Instructions for the task: Lines from the line with "Definition mutually_independent d" to the line with "let xh := mix C x1 in" in the entries below, and only those, must be output exactly, with both ends included.

Dataset content:
(* Assume the standing setting below and run the DMFW algorithm with $\gamma_k=\frac{2}{k+1}$ and $\eta_k=\frac{2}{k+2}$. Then for every $i\in\mathcal N$ and $k\ge1$, $$\mathbb E\|y_k^i\|\le\psi.$$
   Context: Setting. There are $n$ agents $\mathcal N=\{1,\dots,n\}$ connected by a connected graph $\mathcal G=(\mathcal N,\mathcal E)$ with weight matrix $C=[c_{ij}]\in\mathbb R^{n\times n}$, where $c_{ij}\ge 0$ and $c_{ij}=0$ whenever $j\ne i$ and $(i,j)\notin\mathcal E$. $C$ is doubly stochastic, i.e. all row sums and all column sums equal $1$. Let $\lambda$ be the second largest eigenvalue of $C$ in magnitude. It is assumed that $|\lambda|<1$ and that for all vectors $x^1,\dots,x^n\in\mathbb R^p$, with $\bar x=\frac1n\sum_i x^i$ and $\hat x^i=\sum_j c_{ij}x^j$, one has $\big(\sum_i\|\hat x^i-\bar x\|^2\big)^{1/2}\le|\lambda|\big(\sum_i\|x^i-\bar x\|^2\big)^{1/2}$. Let $k_0$ be the smallest positive integer with $|\lambda|\le (k_0/(k_0+1))^2$. Problem data. $\mathcal X\subset\mathbb R^p$ is convex and compact with diameter $D$, i.e. $\|x-x'\|\le D$ for all $x,x'\in\mathcal X$. For each $i$, $\xi^i$ is a random variable. The function $f_i(\cdot,\xi)$ is differentiable with $L$-Lipschitz gradient for every $\xi$. $F_i(x)=\mathbb E[f_i(x,\xi^i)]$ is differentiable with $\nabla F_i(x)=\mathbb E[\nabla f_i(x,\xi^i)]$ and $L$-Lipschitz gradient. For all $x\in\mathcal X$ and $i$, $\mathbb E\|\nabla F_i(x)-\nabla f_i(x,\xi^i)\|^2\le\delta^2$. Set $F=\frac1n\sum_{i=1}^nF_i$. $G>0$ is a constant with $\mathbb E\|\nabla f_i(x,\xi^i)\|^2\le G^2$ and $\mathbb E\|\nabla f_i(x,\xi^i)\|\le G$ for all $x\in\mathcal X$ and $i\in\mathcal N$. DMFW algorithm. Fix step sizes $\gamma_k,\eta_k\in(0,1]$ and deterministic initial points $x_1^i\in\mathcal X$. The samples $\xi_k^i$ ($k\ge1$, $i\in\mathcal N$) are mutually independent, and $\xi_k^i$ has the distribution of $\xi^i$. For $k=1,2,\dots$ and each $i$: - $\hat x_k^i=\sum_{j=1}^n c_{ij}x_k^j$. - For $k=1$: $y_1^i=s_1^i=\nabla f_i(\hat x_1^i,\xi_1^i)$. For $k\ge2$: $y_k^i=(1-\gamma_k)y_{k-1}^i+\nabla f_i(\hat x_k^i,\xi_k^i)-(1-\gamma_k)\nabla f_i(\hat x_{k-1}^i,\xi_k^i)$ and $s_k^i=\sum_j c_{ij}s_{k-1}^j+y_k^i-y_{k-1}^i$. - $p_k^i=\sum_j c_{ij}s_k^j$. - $\theta_k^i\in\arg\min_{\phi\in\mathcal X}\langle p_k^i,\phi\rangle$. - $x_{k+1}^i=\hat x_k^i+\eta_k(\theta_k^i-\hat x_k^i)$. Constants: - $C_1=k_0\sqrt n D$. - $\psi=\max\{\max_i\mathbb E\|y_1^i\|,\ 2G+2L(D+2C_1)\}$. *)

From HB Require Import structures.
From mathcomp Require Import all_boot all_order all_algebra.
From mathcomp Require Import all_classical all_reals all_analysis.
From mathcomp Require Import complex.

Set Implicit Arguments.
Unset Strict Implicit.
Unset Printing Implicit Defensive.

Import Order.TTheory GRing.Theory Num.Theory.
Import numFieldNormedType.Exports.
Local Open Scope classical_set_scope.
Local Open Scope ring_scope.

Section DMFWDefs.
Variable R : realType.
Local Notation RC := (complex.complex (R : rcfType)).

Definition dot (p : nat) (u v : 'rV[R]_p) : R := \sum_(j < p) u 0 j * v 0 j.
Definition enorm (p : nat) (v : 'rV[R]_p) : R := Num.sqrt (dot v v).

Definition has_grad (p : nat) (h : 'rV[R]_p -> R^o) (x v : 'rV[R]_p) : Prop :=
  differentiable h x /\ forall u, 'd h x u = dot v u.

Definition cmod (z : RC) : R :=
  Num.sqrt (complex.Re z ^+ 2 + complex.Im z ^+ 2).

(* [slam] is |lambda|, the modulus of the second largest (in magnitude)
   eigenvalue of C, eigenvalues counted with algebraic multiplicity and
   computed over the complex numbers. *)
Definition second_eig_modulus (n : nat) (C : 'M[R]_n) (slam : R) : Prop :=
  exists rs : seq RC,
    char_poly (map_mx (fun x : R => (complex.Complex x 0 : RC)) C)
      = \prod_(r <- rs) ('X - r%:P) /\
    slam = nth 0 (sort (fun a b : R => b <= a) (map cmod rs)) 1.

Definition vec_meas (p : nat) d (T : measurableType d) (h : T -> 'rV[R]_p) :=
  forall j : 'I_p, measurable_fun setT (fun t => h t 0 j).

Definition borel_vmap (p : nat) (phi : 'rV[R]_p -> 'rV[R]_p) : Prop :=
  forall d (T : measurableType d) (h : T -> 'rV[R]_p),
    vec_meas h -> vec_meas (phi \o h).

Definition mutually_independent d (Omega : measurableType d)
  (P : probability Omega R) d' (Xi : measurableType d') (I : eqType)
  (J : set I) (Y : I -> Omega -> Xi) : Prop :=
  forall s : seq I, uniq s -> (forall j, j \in s -> J j) ->
  forall A : I -> set Xi, (forall j, measurable (A j)) ->
    P (\bigcap_(j in [set` s]) (Y j @^-1` A j)) =
    (\prod_(j <- s) P (Y j @^-1` A j))%E.

Definition mix (n p : nat) (C : 'M[R]_n) (v : 'I_n -> 'rV[R]_p) : 'I_n -> 'rV[R]_p :=
  fun i => \sum_(j < n) C i j *: v j.

Section Algo.
Variables (n p : nat) (Xi : Type) (C : 'M[R]_n)
  (g : 'I_n -> 'rV[R]_p -> Xi -> 'rV[R]_p)   (* g i x xi = grad_x f_i(x, xi) *)
  (lmo : nat -> 'I_n -> 'rV[R]_p -> 'rV[R]_p) (* theta_k^i = lmo k i p_k^i *)
  (gam eta : nat -> R) (x1 : 'I_n -> 'rV[R]_p)
  (xs : nat -> 'I_n -> Xi).

Local Notation vecs := ('I_n -> 'rV[R]_p).

(* dmfw_st m = (x_k, xhat_k, y_k, s_k) with k = m+1 *)
Fixpoint dmfw_st (m : nat) : vecs * vecs * vecs * vecs :=
  match m with
  | 0 =>
      let xh := mix C x1 in
      let y := fun i => g i (xh i) (xs 1 i) in
      (x1, xh, y, y)
  | m'.+1 =>
      let '(x, xh, y, s) := dmfw_st m' in
      let kp := m'.+1 in
      let k := m'.+2 in
      let pk := mix C s in
      let th := fun i => lmo kp i (pk i) in
      let x' := fun i => xh i + eta kp *: (th i - xh i) in
      let xh' := mix C x' in
      let y' := fun i => (1 - gam k) *: y i + g i (xh' i) (xs k i)
                         - (1 - gam k) *: g i (xh i) (xs k i) in
      let s' := fun i => mix C s i + y' i - y i in
      (x', xh', y', s')
  end.

(* y_k^i for k >= 1 *)
Definition dmfw_y (k : nat) (i : 'I_n) : 'rV[R]_p := (dmfw_st k.-1).1.2 i.
End Algo.

End DMFWDefs.

From HB Require Import structures.
From mathcomp Require Import all_boot all_order all_algebra.
From mathcomp Require Import all_classical all_reals all_analysis.
From mathcomp Require complex.
From mathcomp Require Import measurable_realfun lra ring.

Import Order.TTheory GRing.Theory Num.Theory.
Import numFieldNormedType.Exports.
Local Open Scope classical_set_scope.
Local Open Scope ring_scope.

Set Implicit Arguments.
Unset Strict Implicit.
Unset Printing Implicit Defensive.

(* Write [y_k], [xhat_k] for the iterates at one agent and [b = gamma_(k+1)].
   The recursion gives [y_(k+1) = (1 - b) y_k + (g(xhat_(k+1)) - g(xhat_k)) + b g(xhat_k)],
   with [g] the sampled gradient. Every [xhat_k] is within [D] of each point of [X] and
   [C1 / k] of the network average because mixing contracts the disagreement by
   [|lambda| <= (k0 / (k0 + 1))^2] while the Frank-Wolfe step [eta_k = 2 / (k + 2)]
   adds at most [eta_k sqrt n D] to it; the averages move by at most [eta_k D]. By
   [L]-smoothness this yields, for any [c] in [X],
     [|y_(k+1)| <= (1 - b) |y_k| + L |xhat_(k+1) - xhat_k| + b (|g(c)| + L D)],
   and since [|xhat_(k+1) - xhat_k| = O(1/k)] the deterministic part is at most
   [b (2 G + 2 L (D + 2 C1)) - b G]. Taking expectations, [E |g(c)| <= G] gives
   [E |y_(k+1)| <= (1 - b) E |y_k| + b psi], whence [E |y_k| <= psi] by induction. *)

Section EuclideanNorm.
Variable R : realType.

Lemma cauchy_schwarz (T : finType) (a b : T -> R) :
  (\sum_t a t * b t) ^+ 2 <= (\sum_t a t ^+ 2) * (\sum_t b t ^+ 2).
Proof.
have : 0 <= \sum_i \sum_j (a i * b j - a j * b i) ^+ 2.
  by apply: sumr_ge0 => i _; apply: sumr_ge0 => j _; exact: sqr_ge0.
(* Lagrange's identity *)
have -> : \sum_i \sum_j (a i * b j - a j * b i) ^+ 2 =
  2 * ((\sum_t a t ^+ 2) * (\sum_t b t ^+ 2) - (\sum_t a t * b t) ^+ 2).
  rewrite (eq_bigr (fun i => a i ^+ 2 * (\sum_j b j ^+ 2) + b i ^+ 2 * (\sum_j a j ^+ 2)
     - 2 * ((a i * b i) * \sum_j (a j * b j)))); last first.
    move=> i _; rewrite !mulr_sumr -big_split -sumrB /=.
    by apply: eq_bigr => j _; ring.
  rewrite sumrB big_split /= -!mulr_suml -mulr_sumr -mulr_suml.
  by rewrite (mulrC (\sum_i b i ^+ 2)); ring.
by rewrite pmulr_rge0 // subr_ge0.
Qed.

Lemma minkowski_sum (T : finType) (a b : T -> R) :
  Num.sqrt (\sum_t (a t + b t) ^+ 2) <=
  Num.sqrt (\sum_t a t ^+ 2) + Num.sqrt (\sum_t b t ^+ 2).
Proof.
set A := \sum_t a t ^+ 2; set B := \sum_t b t ^+ 2.
have A0 : 0 <= A by apply: sumr_ge0 => t _; exact: sqr_ge0.
have B0 : 0 <= B by apply: sumr_ge0 => t _; exact: sqr_ge0.
rewrite -(ger0_norm (addr_ge0 (sqrtr_ge0 A) (sqrtr_ge0 B))) -sqrtr_sqr.
rewrite ler_sqrt ?sqr_ge0 //.
have -> : \sum_t (a t + b t) ^+ 2 = A + B + 2 * \sum_t a t * b t.
  rewrite /A /B -big_split mulr_sumr -big_split /=; apply: eq_bigr => t _; ring.
have -> : (Num.sqrt A + Num.sqrt B) ^+ 2 = A + B + 2 * (Num.sqrt A * Num.sqrt B).
  by rewrite sqrrD !sqr_sqrtr //; ring.
rewrite lerD2l ler_pM2l // -sqrtrM // (le_trans (ler_norm _)) //.
by rewrite -sqrtr_sqr ler_wsqrtr // cauchy_schwarz.
Qed.

Lemma ler_sqrt_sum (T : finType) (a b : T -> R) :
  (forall t, 0 <= a t) -> (forall t, a t <= b t) ->
  Num.sqrt (\sum_t a t ^+ 2) <= Num.sqrt (\sum_t b t ^+ 2).
Proof.
move=> a0 ab; rewrite ler_wsqrtr //; apply: ler_sum => t _.
by rewrite ler_sqr // ?nnegrE ?(le_trans (a0 t)).
Qed.

Lemma sqrt_sum_scale (T : finType) (c : R) (a : T -> R) : 0 <= c ->
  Num.sqrt (\sum_t (c * a t) ^+ 2) = c * Num.sqrt (\sum_t a t ^+ 2).
Proof.
move=> c0; under eq_bigr do rewrite exprMn.
by rewrite -mulr_sumr sqrtrM ?sqr_ge0 // sqrtr_sqr ger0_norm.
Qed.

Lemma enormE p (v : 'rV[R]_p) : enorm v = Num.sqrt (\sum_j v 0 j ^+ 2).
Proof. by rewrite /enorm /dot; under eq_bigr do rewrite -expr2. Qed.

Lemma enorm_ge0 p (v : 'rV[R]_p) : 0 <= enorm v.
Proof. exact: sqrtr_ge0. Qed.

Lemma enorm_rV0 (v : 'rV[R]_0) : enorm v = 0.
Proof. by rewrite enormE big_ord0 sqrtr0. Qed.

Lemma enormD p (u v : 'rV[R]_p) : enorm (u + v) <= enorm u + enorm v.
Proof. by rewrite !enormE; under eq_bigr do rewrite mxE; exact: minkowski_sum. Qed.

Lemma enormZ p (c : R) (v : 'rV[R]_p) : enorm (c *: v) = `|c| * enorm v.
Proof.
rewrite !enormE; under eq_bigr do rewrite mxE exprMn.
by rewrite -mulr_sumr sqrtrM ?sqr_ge0 // sqrtr_sqr.
Qed.

Lemma enorm_distC p (u v : 'rV[R]_p) : enorm (u - v) = enorm (v - u).
Proof. by rewrite -opprB -scaleN1r enormZ normrN normr1 mul1r. Qed.

Lemma ler_enorm_distD p (u v w : 'rV[R]_p) :
  enorm (u - w) <= enorm (u - v) + enorm (v - w).
Proof. by rewrite (_ : u - w = (u - v) + (v - w)) ?enormD // addrA subrK. Qed.

Lemma ler_enorm_sum p (I : finType) (P : pred I) (v : I -> 'rV[R]_p) :
  enorm (\sum_(i | P i) v i) <= \sum_(i | P i) enorm (v i).
Proof.
apply: (big_ind2 (fun x y => enorm x <= y)) => //.
- by rewrite enormE big1 ?sqrtr0 // => j _; rewrite mxE expr0n.
- by move=> x1 x2 y1 y2 h1 h2; apply: (le_trans (enormD x1 y1)); exact: lerD.
Qed.

Lemma lipschitz_const_ge0 p (h : 'rV[R]_p -> 'rV[R]_p) (L : R) : (0 < p)%N ->
  (forall x y, enorm (h x - h y) <= L * enorm (x - y)) -> 0 <= L.
Proof.
move=> p_gt0 h_lip; pose u : 'rV[R]_p := const_mx 1.
have u_gt0 : 0 < enorm u.
  rewrite enormE sqrtr_gt0; under eq_bigr do rewrite mxE expr1n.
  by rewrite sumr_const card_ord ltr0n.
have := le_trans (enorm_ge0 _) (h_lip u 0).
by rewrite subr0 pmulr_lge0.
Qed.

End EuclideanNorm.

Section Consensus.
Variables (R : realType) (n p : nat).
Hypothesis n_gt0 : (0 < n)%N.
Local Notation vecs := ('I_n -> 'rV[R]_p).

Definition mean (v : vecs) : 'rV[R]_p := n%:R^-1 *: \sum_(i < n) v i.
Definition dev (v : vecs) : R := Num.sqrt (\sum_(i < n) enorm (v i - mean v) ^+ 2).

Lemma dev_ge0 v : 0 <= dev v.
Proof. exact: sqrtr_ge0. Qed.

Lemma meanD (u v : vecs) : mean (fun i => u i + v i) = mean u + mean v.
Proof. by rewrite /mean big_split scalerDr. Qed.

Lemma meanZ c (u : vecs) : mean (fun i => c *: u i) = c *: mean u.
Proof. by rewrite /mean -scaler_sumr !scalerA mulrC. Qed.

Lemma meanB (u v : vecs) : mean (fun i => u i - v i) = mean u - mean v.
Proof. by rewrite /mean sumrB scalerBr. Qed.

Response area:
Definition mutually_independent d (Omega : measurableType d)
  (P : probability Omega R) d' (Xi : measurableType d') (I : eqType)
  (J : set I) (Y : I -> Omega -> Xi) : Prop :=
  forall s : seq I, uniq s -> (forall j, j \in s -> J j) ->
  forall A : I -> set Xi, (forall j, measurable (A j)) ->
    P (\bigcap_(j in [set` s]) (Y j @^-1` A j)) =
    (\prod_(j <- s) P (Y j @^-1` A j))%E.

Definition mix (n p : nat) (C : 'M[R]_n) (v : 'I_n -> 'rV[R]_p) : 'I_n -> 'rV[R]_p :=
  fun i => \sum_(j < n) C i j *: v j.

Section Algo.
Variables (n p : nat) (Xi : Type) (C : 'M[R]_n)
  (g : 'I_n -> 'rV[R]_p -> Xi -> 'rV[R]_p)   (* g i x xi = grad_x f_i(x, xi) *)
  (lmo : nat -> 'I_n -> 'rV[R]_p -> 'rV[R]_p) (* theta_k^i = lmo k i p_k^i *)
  (gam eta : nat -> R) (x1 : 'I_n -> 'rV[R]_p)
  (xs : nat -> 'I_n -> Xi).

Local Notation vecs := ('I_n -> 'rV[R]_p).

(* dmfw_st m = (x_k, xhat_k, y_k, s_k) with k = m+1 *)
Fixpoint dmfw_st (m : nat) : vecs * vecs * vecs * vecs :=
  match m with
  | 0 =>
      let xh := mix C x1 in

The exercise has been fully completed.